The observed slow activation kinetics cannot be readily accommodated
into a simple "two-state model". According to this model the
affinity of a full agonist for the R state is negligible; thus, agonist
binding occurs selectively to the activated state R1, thereby pulling
the equilibrium toward R1. This would predict that the association rate
for agonist binding is limited by the rate of transition from R to R1.
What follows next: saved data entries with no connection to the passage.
Lemma q4_fan_max_split (F : fan2) (w : Z2) : q4_fan F -> w \in rays F -> openQ4 w ->
  (forall u, u \in rays F -> openQ4 u -> weight u <= weight w) ->
  exists a b, [/\ w = addZ2 a b, detZ2 a b = -1,
                  [fset a; w] \in cones2 F & [fset b; w] \in cones2 F].
Proof.
move=> HF wR w_open w_max.
have [a [b [aC bC daw dwb]]] := openQ4_neighbours HF wR w_open.
have Qa := q4_fan_closedQ4 HF aC w_open (fset22 a w) (fset21 a w).
have Qb := q4_fan_closedQ4 HF bC w_open (fset22 b w) (fset21 b w).
have Qw := openQ4_closedQ4 w_open.
have w_ge1 : 1 <= weight w by move: w_open; rewrite /openQ4 /weight => /andP[]; lia.
have aR : a \in rays F by apply: (cone_ray HF aC); rewrite fset21.
have bR : b \in rays F by apply: (cone_ray HF bC); rewrite fset21.
have la : weight a <= weight w.
  have [/(w_max a aR) // | a_axis] := boolP (openQ4 a).
  by rewrite (closedQ4_left_axis Qa Qw a_axis daw).
have lb : weight b <= weight w.
  have [/(w_max b bR) // | b_axis] := boolP (openQ4 b).
  by rewrite (closedQ4_right_axis Qb Qw b_axis dwb).
have Ew := neighbours_sum Qa Qb w_open daw dwb la lb.
by exists a, b; split=> //; rewrite -daw -Ew /detZ2 /=; ring.
Qed.

Lemma q4_fan_obtained (F : fan2) : q4_fan F -> obtained_by_subdivisions Sigma0 F.
Proof.
have [n] := ubnP #|` rays F|; elim: n F => // n IHn F lt_n HF.
have [some_open | /hasPn no_open] := boolP (has openQ4 (rays F)); last first.
  by rewrite (q4_fan_Sigma0 HF no_open); exact: obs_refl.
have [w wR [w_open w_max]] := exists_arg_max weight some_open.
have [a [b [Ew dab aC bC]]] := q4_fan_max_split HF wR w_open w_max.
rewrite {}Ew in wR w_open aC bC {w_max}.
rewrite -(subdiv_blowdown wR aC bC (blowdown_AB_notin HF w_open aC bC dab)).
apply: obs_step.
- apply: IHn (blowdown_q4_fan HF w_open aC bC dab).
  by apply: leq_trans (blowdown_rays_lt HF aC) _; rewrite -ltnS.
- by apply: unimodular_neq; right.
- by rewrite in_blowdown eqxx.
Qed.

Theorem proposition2p10 (R : realType) (F : fan2) :
  in_cFan_pm_sc R F -> obtained_by_subdivisions Sigma0 F.
Proof. by move=> HF; apply: q4_fan_obtained; exact: cFan_q4_fan HF. Qed.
This is not readily compatible with the observation in the
ß2-adrenergic receptor that the conformational
change, and not the binding event, is the rate-limiting step. We have
therefore suggested the "sequential binding and conformational
selection" model shown in Fig. 5 (22). This model predicts, similar to the two-state model (205) and the
multistate model suggested by Schwartz et al. (24), that the
receptor spontaneously alternates between different receptor
conformations (active and inactive). However, a major difference is
that binding of agonist does not occur directly to R1 but is suggested
to occur sequentially, resulting in a series of conformational states
that are intermediates (R' and R'') between R and R1 (Fig. 5). Agonists are known to have several functionally important sites of
interaction with the receptor (See Section IV.A). As
illustrated in Fig. 5, binding may involve an initial interaction
between receptor and one structural group of the agonist. After the
initial binding of one structural group, binding of the remaining
groups occurs in a sequential manner as a result of random and
spontaneous movements of TM domains to positions that permit
interaction with the functional groups. Each interaction between the
receptor and the agonist stabilize one or more transmembrane domains
until the agonist finally stabilizes the receptor in the active R1
state. Such a model would be consistent both with a rapid association
rate for agonists (formation of AR') and the relatively slow rate of
conformational change observed spectroscopically (formation of AR1).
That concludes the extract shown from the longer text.